Nasce a Sosnicy Cernigovskij (Ucraina), pochi mesi prima delle dimostrazioni dei Lumière antecedenti alla serata Gran Cafè, Aleksandr Petrovic Dovzenko.
Figlio di contadini, si diploma - primo studente in una famiglia di analfabeti - a Kiev nel 1911, e inizia la carriera di maestro elementare, attratto però tanto dalla pittura che dallo scrivere. Allo scoppio della rivoluzione, dopo un breve periodo di militanza nei bianchi, si arruola nell'Armata Rossa, avendo come comandante il leggendario Nikolaj Sciors, la cui biografia filmerà vent'anni dopo, alla vigilia del secondo conflitto mondiale. Ne sortisce una peraltro breve carriera diplomatica a Varsavia, Monaco e Berlino, dove ha contatti col gruppo Die Brücke.
Tornato in Ucraina, svolge attività giornalistiche locali: ma un suo soggetto inviato agli studi cinematografici di Odessa viene accettato, realizzandone anche la regìa in collaborazione: Vassia il riformatore (1926). Segue immediatamente, a sua sola firma, I frutti dell'amore (in chiave comica), e rispettivamente due e quattro anni dopo, i primi risultati assoluti: Zvenigora (ammirato da Ejzenstejn e Pudovkin) e La terra.
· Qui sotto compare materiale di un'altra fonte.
(* Every disjunction of literals of one and the same sign is refuted: it
   is a substitution instance of a disjunction of copies of eps a0 a0 (or of
   ~eps a0 a0), which implies that axiom of HAR. *)
Lemma refut_same_sign_lits a0 s c l : refutH a0 (disj (lit s c) (map (lit s) l)).
Proof.
  set (sg := fun _ : nat => a0); set (L := lit s (a0, a0)).
  assert (Hsubst : forall d, subst sg (lit s d) = L) by (now destruct s).
  apply rH_subst with (subst sg (disj (lit s c) (map (lit s) l))) sg; [| reflexivity].
  apply rH_mp with L; [| destruct s; constructor].
  apply pH_taut; intros v; simpl.
  destruct (eval v L) eqn:E; [apply orb_true_r |].
  rewrite subst_disj, map_map, (map_ext _ (fun _ => L) Hsubst), eval_disj, Hsubst, E.
  now induction l; simpl; rewrite ?E.
Qed.

Lemma lit_disj_neg_atomic Y p B : lit_disj Y -> part Y p B false -> exists a b, B = Eps a b.
Proof.
  rewrite part_iff_occ; intros HY; revert p B; induction HY; intros p Z HZ;
    inversion HZ; subst; eauto.
  match goal with H : occ (negb true) _ _ _ _ |- _ => inversion H; subst; eauto end.
Qed.

Definition literal_trace (H Y : form) : Prop :=
  lit_disj Y /\
  (forall c, In c (atoms true Y false) <-> In c (atoms true H false)) /\
  incl (atoms true Y true) (atoms true H true).

Lemma trace_hintikka H Y : hintikka H -> literal_trace H Y -> hintikka Y.
Proof.
  intros Hh [Hlit [Hneg Hpos]].
  assert (NE : forall a b, neg_part (Eps a b) Y <-> neg_part (Eps a b) H).
  { intros a b; unfold neg_part; rewrite <- !in_atoms; apply Hneg. }
  pose proof Hh as [_ [_ [H3 [H4 H5]]]].
  split; [| split; [| split; [| split]]].
  - intros [B [p [q [Hp [Hq _]]]]].
    destruct (lit_disj_neg_atomic Y q B Hlit Hq) as [a [b ->]].
    apply (hintikka_no_clash H (Eps a b) Hh).
    + apply in_atoms, Hpos, in_atoms; eauto.
    + apply NE; eexists; eauto.
  - intros B C [p Hp]; destruct (lit_disj_neg_atomic Y p _ Hlit Hp) as [? [? E]].
    discriminate.
  - intros a b; rewrite !NE; apply H3.
  - intros a b c; rewrite !NE; apply H4.
  - intros a b; rewrite !NE; apply H5.
Qed.

Lemma trace_extend H Y c :
  literal_trace H Y -> In c (atoms true H true) -> literal_trace H (Or Y (lit true c)).
Proof.
  destruct c as [a b]; intros [Hlit [Hneg Hpos]] Hc; simpl.
  split; [constructor; [exact Hlit | constructor] | split].
  - intros d; simpl; rewrite app_nil_r; apply Hneg.
  - apply incl_app; [exact Hpos | intros d [<- | []]; exact Hc].
Qed.

Lemma refut_extend a0 H Y l :
  hintikka H -> refutH a0 Y -> literal_trace H Y -> incl l (atoms true H true) ->
  refutH a0 (disj Y (map (lit true) l)).
Proof.
  intros Hh; revert Y; induction l as [| [a b] l IH]; intros Y HY Htr Hl; simpl; auto.
  apply IH.
  - apply rH_ext; [eapply trace_hintikka; eauto | apply Htr | exact HY |].
    intros Hab; apply (hintikka_no_clash H (Eps a b) Hh).
    + apply in_atoms, Hl; now left.
    + apply in_atoms, Htr, in_atoms, Hab.
  - apply (trace_extend H Y (a, b)); [exact Htr | apply Hl; now left].
  - intros d Hd; apply Hl; now right.
Qed.

(* Every Hintikka formula H is refuted in HAR, through a refuted literal
   disjunction D with |-_H H -> D: the positive atoms P of H preceded either
   by eps a0 a0 (no negative atoms) or by the negated negative atoms. *)
Lemma hintikka_refutable a0 H : hintikka H -> refutH a0 H.
Proof.
  intros Hh.
  set (P := atoms true H true).
  destruct (atoms true H false) as [| n ns] eqn:EN.
  - apply rH_mp with (disj (lit true (a0, a0)) (map (lit true) P));
      [| apply refut_same_sign_lits].
    apply hintikka_entails; [exact Hh |]; intros v Hv; rewrite EN.
    split; [intros c [] | apply (eval_disj_lits_false v _ true P Hv)].
  - set (NegLits := disj (lit false n) (map (lit false) ns)).
    apply rH_mp with (disj NegLits (map (lit true) P)).
    + apply hintikka_entails; [exact Hh |]; intros v Hv.
      apply eval_disj_lits_false in Hv as [Hneg Hpos]; split; [| exact Hpos].
      apply eval_disj_lits_false in Hneg as [Hn Hns].
      rewrite EN; intros c [<- | Hc]; [| now apply Hns].
      simpl in Hn; now destruct (v (fst n) (snd n)).
    + apply (refut_extend a0 H); [exact Hh | apply refut_same_sign_lits | | apply incl_refl].
      split; [apply lit_disj_lits; constructor | split].
      * intros c; unfold NegLits; rewrite atoms_disj_lits, EN; destruct n; simpl; tauto.
      * unfold NegLits; rewrite atoms_disj_lits; destruct n; intros c [].
Qed.

(* Every tableau rule extends a formula C to a child of the form C \/ ~X. *)
Definition extension (C D : form) : Prop := exists X, D = Or C (Neg X).

Lemma extension_pos_part C D : extension C D -> pos_part C D.
Proof. intros [X ->]; exists ([] ++ [dL]); eapply part_orL, part_root. Qed.

Lemma extension_imp C D : extension C D -> provH (Imp C D).
Proof.
  intros [X ->]; apply pH_taut; intros v; simpl.
  now destruct (eval v C).
Qed.

Lemma rule_eps_extension G G' : rule_eps G G' -> extension G G'.
Proof.
  intros [[p [a [b [_ E]]]] | [[p [q [a [b [c [_ [_ [_ E]]]]]]]] | [p [q [a [b [_ [_ [_ E]]]]]]]]];
    eexists; exact E.
Qed.

Lemma rule_or_extension G G1 G2 : rule_or G G1 G2 -> extension G G1 /\ extension G G2.
Proof. intros [p [B [C [_ [E1 E2]]]]]; split; eexists; eassumption. Qed.

Lemma branch_head t cs : branch t cs -> exists r, cs = label t :: r.
Proof. induction 1; simpl; eauto. Qed.

Lemma branch_extension t cs d :
  tableau_ok t -> branch t cs ->
  forall i, S i < length cs -> extension (nth i cs d) (nth (S i) cs d).
Proof.
  intros Hok Hbr; revert Hok; induction Hbr as [C | C t cs Hbr IH | C t1 t2 cs Hbr IH
    | C t1 t2 cs Hbr IH]; simpl; intros Hok [| i] Hi; try lia;
    try (apply IH; [apply Hok | lia]);
    destruct (branch_head _ _ Hbr) as [r ->]; simpl.
  - apply rule_eps_extension, Hok.
  - apply (rule_or_extension C _ (label t2)), Hok.
  - apply (rule_or_extension C (label t1)), Hok.
Qed.

Lemma down_ind (P : nat -> Prop) m :
  P m -> (forall i, i < m -> P (S i) -> P i) -> forall i, i <= m -> P i.
Proof.
  intros Hm Hstep i Hi; remember (m - i) as k eqn:Ek; revert i Hi Ek.
  induction k as [| k IH]; intros i Hi Ek.
  - now replace i with m by lia.
  - apply Hstep; [lia | apply IH; lia].
Qed.

Lemma last_nth (l : list form) d : l <> [] -> last l d = nth (pred (length l)) l d.
Proof.
  induction l as [| x l IH]; intros Hl; [congruence |].
  destruct l as [| y l]; [reflexivity |].
  change (last (x :: y :: l) d) with (last (y :: l) d).
  rewrite IH by discriminate; reflexivity.
Qed.

Theorem lemma3p5 (a0 : nat) (A : form) (t : tree) (cs : list form) :
  tableau_for A t ->
  branch t cs ->
  hintikka (last cs A) ->
  (forall i, i < length cs -> pos_part (nth i cs A) (last cs A)) /\
  (forall i, S i < length cs -> provH (Imp (nth i cs A) (nth (S i) cs A))) /\
  (forall i, i < length cs -> refutH a0 (nth i cs A)).
Proof.
  intros [_ Hok] Hbr Hh.
  pose proof (branch_extension t cs A Hok Hbr) as Hext.
  destruct (branch_head t cs Hbr) as [r Ecs].
  assert (Hlen : length cs = S (pred (length cs))) by (subst cs; reflexivity).
  rewrite last_nth in * by (subst cs; discriminate).
  set (m := pred (length cs)) in *.
  split; [| split].
  - intros i Hi; apply (down_ind (fun i => pos_part (nth i cs A) (nth m cs A)) m);
      [exists []; apply part_root | | lia].
    intros j Hj Hpos; apply pos_part_trans with (nth (S j) cs A); [| exact Hpos].
    apply extension_pos_part, Hext; lia.
  - intros i Hi; apply extension_imp, Hext, Hi.
  - intros i Hi; apply (down_ind (fun i => refutH a0 (nth i cs A)) m);
      [apply hintikka_refutable, Hh | | lia].
    intros j Hj Hrefut; apply rH_mp with (nth (S j) cs A); [| exact Hrefut].
    apply extension_imp, Hext; lia.
Qed.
Passato al sonoro con Ivan (1932), è accolto alla Mosfilm, e tre anni dopo riceve il premio Lenin girando tra la Siberia e Mosca Aerograd, cui segue nel '39, su diretta imbeccata di Stalin (che gli accorderà il premio intitolato a se stesso), tra incertezze e stravolgimenti ideologici imposti a una realtà storica che pur conosceva per diretta esperienza personale, il ricordato Sciors.
Durante la guerra interrompe l'attività, dedicandosi alla narrativa e aiutando la moglie Julia Solntseva nella realizzazione di due compilazioni di cineattualità belliche, La battaglia per l'Ucraina sovietica e Ucraina in fiamme – Vittoria in Ucraina e cacciata degli aggressori tedeschi dai confini dell'Ucraina sovietica (1943 e 1945), la cui sceneggiatura gli costa peraltro un'accusa di deviazionismo nazionalista in patria e un conseguente esilio a Mosca.
Torna alla regìa nel '48-'49 con Miciurin, suggestiva e profonda, ma manipolata e contraddittoria biografia a colori del grande scienziato deceduto ottantenne nel '35, adombrante l'apologia delle posizioni del bio-agronomo Lysenko, imposte da Stalin, dopo la cui morte nel '53 riapproda di nuovo in patria.
Muore a Mosca il 25 novembre 1956, lasciando appena iniziato il film successivo, Il poema del mare, che la consorte-collaboratrice tenterà poco felicemente di ultimare, come successivamente vorrà tradurre in film i suoi restanti progetti non realizzati: Storia degli anni di fuoco (1961), La Desna incantata (1965) e L'indimenticabile (1968).